In principle, the construction of catalyst carrier bodies made of smooth and corrugated metal sheets is known, for instance, from German Pat. No. DE-PS 11 92 624. The use of such catalyst carrier bodies made of steel sheets for automobile exhaust gases is known from German Published Non-Prosecuted application DE-OS No. 23 02 746 as well as from several further developments. For example, German Published Non-Prosecuted application DE-OS No. 24 03 024 shows that such carrier bodies can also be made from sheetmetal strips. Furthermore, catalyst carrier bodies made of slotted or otherwise formed metal sheets are known, wherein the turbulence of the exhaust gases is enhanced.
Additionally, German Published Non-Prosecuted application DE-OS No. 22 26 662 discloses the use of metal mesh or expanded metal instead of conventional steel sheets in catalyst carrier bodies. However, the forms of the metal sheets used heretofore were only chosen with respect to adherence to requirements of the coating which is applied later and with respect to their gas conducting properties.
However, experience has shown that an additional property of the metallic waste gas catalyst carrier bodies must be considered in constructing the metal sheets of which they are constructed. During operation at very high temperatures over a long period of time, the conventionally used steel sheets containing aluminum grow to about 20% beyond their original dimensions. This does not refer to a thermal expansion, but to actual growth, which remains even after the body has cooled. If this growth is obstructed by a close-fitting connection with a thick tubular shell, considerable stresses are generated which can destroy the whole catalyst carrier body.
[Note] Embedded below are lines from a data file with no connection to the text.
(* Compatibility is stable under products (entries of A commute). *)
Lemma compat_mul (X Y Z : 'M[mat]_n) : Tnd A X -> Tnd A Y -> Tnd A Z ->
  compat X Y -> compat X Z -> compat Y Z -> compat (X *m Y) Z.
Proof.
move=> hX hY hZ /compatP cXY /compatP cXZ /compatP cYZ.
have [eX aX] := Tnd_symbol hX; have [eY aY] := Tnd_symbol hY.
have [_ aZ] := Tnd_symbol hZ.
apply/compatP; rewrite {1}eX {1}eY => i j hi hj.
rewrite symbol_mul_pos //.
have -> : i%:Z - (n.-1)%:Z = (i.+1)%:Z - n%:Z by lia.
rewrite symbol_mul_neg ?hi //.
have eD := conv_diag cXY (a := 0%N) (b := (n - i.+1)%N) (c := i).
rewrite add0n (_ : (n - i.+1 + i)%N = n.-1) in eD; last by lia.
rewrite -eD; [|lia|lia].
apply: conv_compat; [lia | by move=> q hq; apply: cYZ |].
have ag : A (symbol Y 0) by apply: aY; rewrite /in_range; lia.
rewrite -!mulrA (commA ag (aZ _ _)); last by rewrite /in_range; lia.
rewrite (commA ag (aZ _ _)); last by rewrite /in_range; lia.
by rewrite !mulrA cXZ.
Qed.

End CommutativeEntries.

Lemma scale1_mull (c : C) (y : mat) : (c *: (1 : mat)) * y = c *: y.
Proof. by rewrite scale_mull mul1r. Qed.

Lemma scale1_mulr (c : C) (y : mat) : y * (c *: (1 : mat)) = c *: y.
Proof. by rewrite scale_mulr mulr1. Qed.

(* A maximal commutative subalgebra contains the identity: A + C 1 is
   still a commutative subalgebra. *)
Lemma max_comm_subalg1 (A : mat -> Prop) : is_max_comm_subalg A -> A 1.
Proof.
case=> [[A0 AD AS AM] cA mA].
pose S (X : mat) := exists a (c : C), A a /\ X = a + c *: (1 : mat).
apply: (mA S).
- split.
  + by exists 0, 0; rewrite scale0r addr0.
  + move=> _ _ [a [c [ha ->]]] [b [e [hb ->]]]; exists (a + b), (c + e).
    by split; [exact: AD | rewrite scalerDl addrACA].
  + move=> k _ [a [c [ha ->]]]; exists (k *: a), (k * c).
    by split; [exact: AS | rewrite scalerDr scalerA].
  + move=> _ _ [a [c [ha ->]]] [b [e [hb ->]]].
    exists (a * b + c *: b + e *: a), (c * e); split.
      exact: (AD _ _ (AD _ _ (AM _ _ ha hb) (AS _ _ hb)) (AS _ _ ha)).
    rewrite mulrDl !mulrDr scale1_mull scale1_mulr scale1_mull scalerA.
    by rewrite -!addrA; congr (_ + _); rewrite addrC -!addrA; congr (_ + _); rewrite addrC.
- move=> _ _ [a [c [ha ->]]] [b [e [hb ->]]].
  rewrite !mulrDl !mulrDr !scale1_mull !scale1_mulr !scalerA (cA a b) // (mulrC c e).
  by rewrite -!addrA; congr (_ + _); rewrite !addrA; congr (_ + _); rewrite addrC.
- by move=> X hX; exists X, 0; rewrite scale0r addr0.
- by exists 0, 1; rewrite scale1r add0r.
Qed.
Definition vartheta_exponent (p r d : nat) (la : seq nat) : nat :=
  \sum_(1 <= n < d.+1 | logn p n < r) ((r - logn p n) * mult n la + dp p (mult n la)).

Lemma vartheta_Par p r d la : la \in Par d ->
  vartheta p r la = p ^ vartheta_exponent p r d la.
Proof.
rewrite mem_Par => /and3P[_ _ /eqP Hs].
by rewrite /vartheta Hs /vartheta_exponent (big_morph (expn p) (expnD p) (expn0 p)).
Qed.

(* Summing the exponents: the n-th term contributes (r - nu_p(n)) S(n) plus,
   through d_p, the values S(p^j n); regrouped by m these give r S(m). *)
Lemma sum_vartheta_exponent p r d : prime p ->
  \sum_(la <- Par d) vartheta_exponent p r d la = r * ltot d.
Proof.
move=> p_pr; rewrite /vartheta_exponent exchange_big /= big_seq_cond.
rewrite (eq_bigr (fun n => (r - logn p n) * part_count d n
                           + \sum_(1 <= j < d.+1) part_count d (p ^ j * n))); last first.
  move=> n /andP[]; rewrite mem_index_iota => /andP[n_gt0 _] _.
  by rewrite big_split /= -big_distrr sum_dp_mult.
rewrite -big_seq_cond big_split /= sum_p_power_multiples //; last first.
  by move=> m; apply: part_count_large.
rewrite ltot_part_counts big_distrr big_mkcond -big_split /=.
apply: eq_bigr => n _; case: ltnP => [nu_lt_r | r_le_nu].
  by rewrite -mulnDl; congr (_ * _); lia.
by rewrite add0n; congr (_ * _); lia.
Qed.

Theorem proposition4p1 (p r d : nat) :
  prime p -> 0 < r ->
  \prod_(la <- Par d) vartheta p r la = p ^ (r * ltot d).
Proof.
move=> p_pr _; rewrite (eq_big_seq _ (@vartheta_Par p r d)).
by rewrite -(big_morph (expn p) (expnD p) (expn0 p)) sum_vartheta_exponent.
Qed.
Lemma ALG_ge_advice_completion (E2 M : {set D2 * S})
    (xbar : D1 -> S -> R) (ybar : D2 -> S -> R) :
  P1_optimal w (fun j => if j \in covered A then fL Rp else fU Rp) E1 xbar ->
  P2_optimal w E2 xbar ybar ->
  is_matching E2 M -> [disjoint covered M & covered A] ->
  (2 * Num.sqrt (1 - Rp) - (1 - Rp)) * (mweight w (covered A) + mweight w (covered M))
  <= ALG w xbar ybar.
Proof.
move=> x_opt y_opt Mm MA; set C := _ - _.
have x01 j : 0 <= load xbar j <= 1 by exact: frac_feasible_load x_opt.1.
apply: le_trans (ALG_ge_matching_completion x01 y_opt Mm).
have := advice_threshold_first_order x_opt; set g := advice_threshold.
have -> : \sum_j w j * load xbar j = \sum_j w j * (1 - g j (load xbar j)) * load xbar j
    + \sum_j w j * load xbar j * g j (load xbar j).
  by rewrite -big_split; apply: eq_bigr => j _ /=; ring.
suff : C * (mweight w (covered A) + mweight w (covered M)) <=
    \sum_(j in covered A) w j * (1 - g j (load xbar j))
    + \sum_j w j * load xbar j * g j (load xbar j)
    + \sum_(j in covered M) w j * (1 - load xbar j) by lra.
rewrite /mweight mulrDr !mulr_sumr !(big_mkcond (mem (covered _))) -!big_split.
apply: ler_sum => j _ /=; have /andP[x0 x1] := x01 j; have Rp_le1 := ltW Rp_lt1.
rewrite /g /advice_threshold; case: ifP => jA; case: ifP => jM.
- by rewrite (disjointFl MA jA) in jM.
- have := ler_wpM2l (w_ge0 j) (fLpw_gain (load xbar j) Rp_le1).
  set u := fLpw Rp _; rewrite !addr0 mulrC.
  suff -> : w j * (1 - u) + w j * load xbar j * u
            = w j * (1 - (1 - load xbar j) * u) by [].
  by ring.
- have := ler_wpM2l (w_ge0 j) (fUpw_gain (load xbar j) Rp_le1).
  set u := fUpw Rp _; rewrite !add0r mulrC.
  suff -> : w j * load xbar j * u + w j * (1 - load xbar j)
            = w j * (1 - load xbar j * (1 - u)) by [].
  by ring.
- have /andP[g0 _] := fUpw_ge0_le1 (load xbar j) Rp_le1.
  by rewrite !add0r addr0 !mulr_ge0 ?w_ge0.
Qed.

End advice.

Theorem theorem2 (R : realType) (D1 D2 S : finType) (Rp : R)
  (w : S -> R) (E1 : {set D1 * S}) (E2 : {set D2 * S}) (A : {set D1 * S})
  (xbar : D1 -> S -> R) (ybar : D2 -> S -> R) :
  0 <= Rp <= 3 / 4 ->
  (forall j, 0 <= w j) ->
  is_matching E1 A ->
  P1_optimal w (fun j => if j \in covered A then fL Rp else fU Rp) E1 xbar ->
  P2_optimal w E2 xbar ybar ->
  ALG w xbar ybar >= (2 * Num.sqrt (1 - Rp) - (1 - Rp)) * ADVICE w E2 A.
Proof.
move=> /andP[Rp0 Rp34] w_ge0 A_matching x_opt y_opt.
have Rp_lt1 : Rp < 1 by lra.
have completion := ALG_ge_advice_completion Rp_lt1 w_ge0 A_matching x_opt y_opt.
have C0 : 0 < 2 * Num.sqrt (1 - Rp) - (1 - Rp).
  have s0 : 0 < Num.sqrt (1 - Rp) by rewrite sqrtr_gt0 subr_gt0.
  have s2 : Num.sqrt (1 - Rp) ^+ 2 = 1 - Rp by rewrite sqr_sqrtr // subr_ge0 ltW.
  by nra.
apply: le_mul_add_bigmax => // [|M /andP[]]; last exact: completion.
have cover0 : covered (finset.set0 : {set D2 * S}) = finset.set0.
  by apply/setP => j; rewrite !inE; apply/existsP => -[i]; rewrite inE.
have := completion finset.set0; rewrite cover0 /mweight big_set0 addr0; apply.
- by rewrite /is_matching finset.sub0set; apply/forallP => e; rewrite inE.
- by apply/pred0P => j; rewrite !inE.
Qed.
Lemma lifts_commuteX_wedge p x y :
    prime p -> #|R| = (p * p)%N -> ((p * p)%:R = 0 :> R)%R ->
    x \in G -> y \in G -> lifts_commute f (x ^+ p) y ->
  ((lam x * mu y - lam y * mu x) *+ p = 0)%R.
Proof.
move=> p_pr cardR charR /(stem_ext_preim hstem)[X HX <-].
case/(stem_ext_preim hstem)=> Y HY <- cxy.
set t := (_ - _)%R; set k := [~ subg H X, subg H Y].
set D := [set: T]^`(1).
have kXY : [~ X, Y] \in 'ker f := stem_ext_commg_ker hstem abG HX HY.
have ek : k = subg H [~ X, Y] by rewrite /k -(morphR (subg_morphism H)).
have fk1 : fs k = 1 by rewrite ek /= subgK ?groupR ?(mker kXY).
have kp1 : k ^+ p = 1.
  rewrite ek -morphX ?groupR // -commXg; last first.
    exact (stem_ext_ker_cent hstem HX kXY).
  have /commgP/eqP -> : commute (X ^+ p) Y.
    by apply: (cxy (X ^+ p) Y); rewrite ?groupX // morphX.
  exact: morph1.
have Dkt : ((k, t) : T) \in D by rewrite -twist_commg_lifts // mem_commg ?inE.
have tpp : (t *+ (p * p) = 0)%R by rewrite -mulr_natr charR mulr0.
(* Either (1, t) lies in T^`(1), or <[(k, 0)]> has order p and meets T^`(1)
   trivially, and then (1, t *+ p) = (k, t) ^+ p lies in T^`(1). *)
have [Dk | nDk] := boolP (((k, 0%R) : T) \in D).
  have Dt : ((1%g, t) : T) \in D.
    have -> : ((1%g, t) : T) = ((k, 0%R) : T)^-1 * (k, t).
      apply: (@mulgI _ ((k, 0%R) : T)); rewrite mulKVg cext_mulE /= mulg1 add0r.
      by rewrite /bilinear_twist_val morph1 (morph_add1 muM) mulr0 addr0.
    by rewrite groupM ?groupV.
  exact: der_twist_central_expp_eq0 p_pr cardR tpp Dt.
have ok : #[(k, 0%R) : T] = p.
  apply: nt_prime_order => //; first by rewrite twist_ker_expg // kp1 mul0rn.
  by apply: contraNneq nDk => ->; apply: group1.
apply: (der_twist_central_eq0_prime (L := <[(k, 0%R) : T]>%G) p_pr).
- by rewrite -mulrnA tpp.
- by rewrite cycle_subG; apply/kerP; rewrite ?inE.
- by apply: prime_TIg; rewrite ?cycle_subG // -orderE ok.
- by rewrite -kp1 -twist_ker_expg // groupX.
- by rewrite /= -orderE ok cardR.
Qed.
The high mechanical loads to which an exhaust gas catalyst carrier body is subjected, especially in motor vehicles, on the other hand, require that the body be fastened as firmly as possible in a tubular shell.
It is accordingly an object of the invention to provide a growth compensating metallic exhaust gas catalyst carrier body and metal sheet for manufacturing the same, which overcomes the hereinafore-mentioned disadvantages of the heretofore-known devices of this general type, and which can compensate, in the interior thereof, for growth which occurs during operation, while its outer dimensions, especially its length in the exhaust gas flow direction, remain unchanged.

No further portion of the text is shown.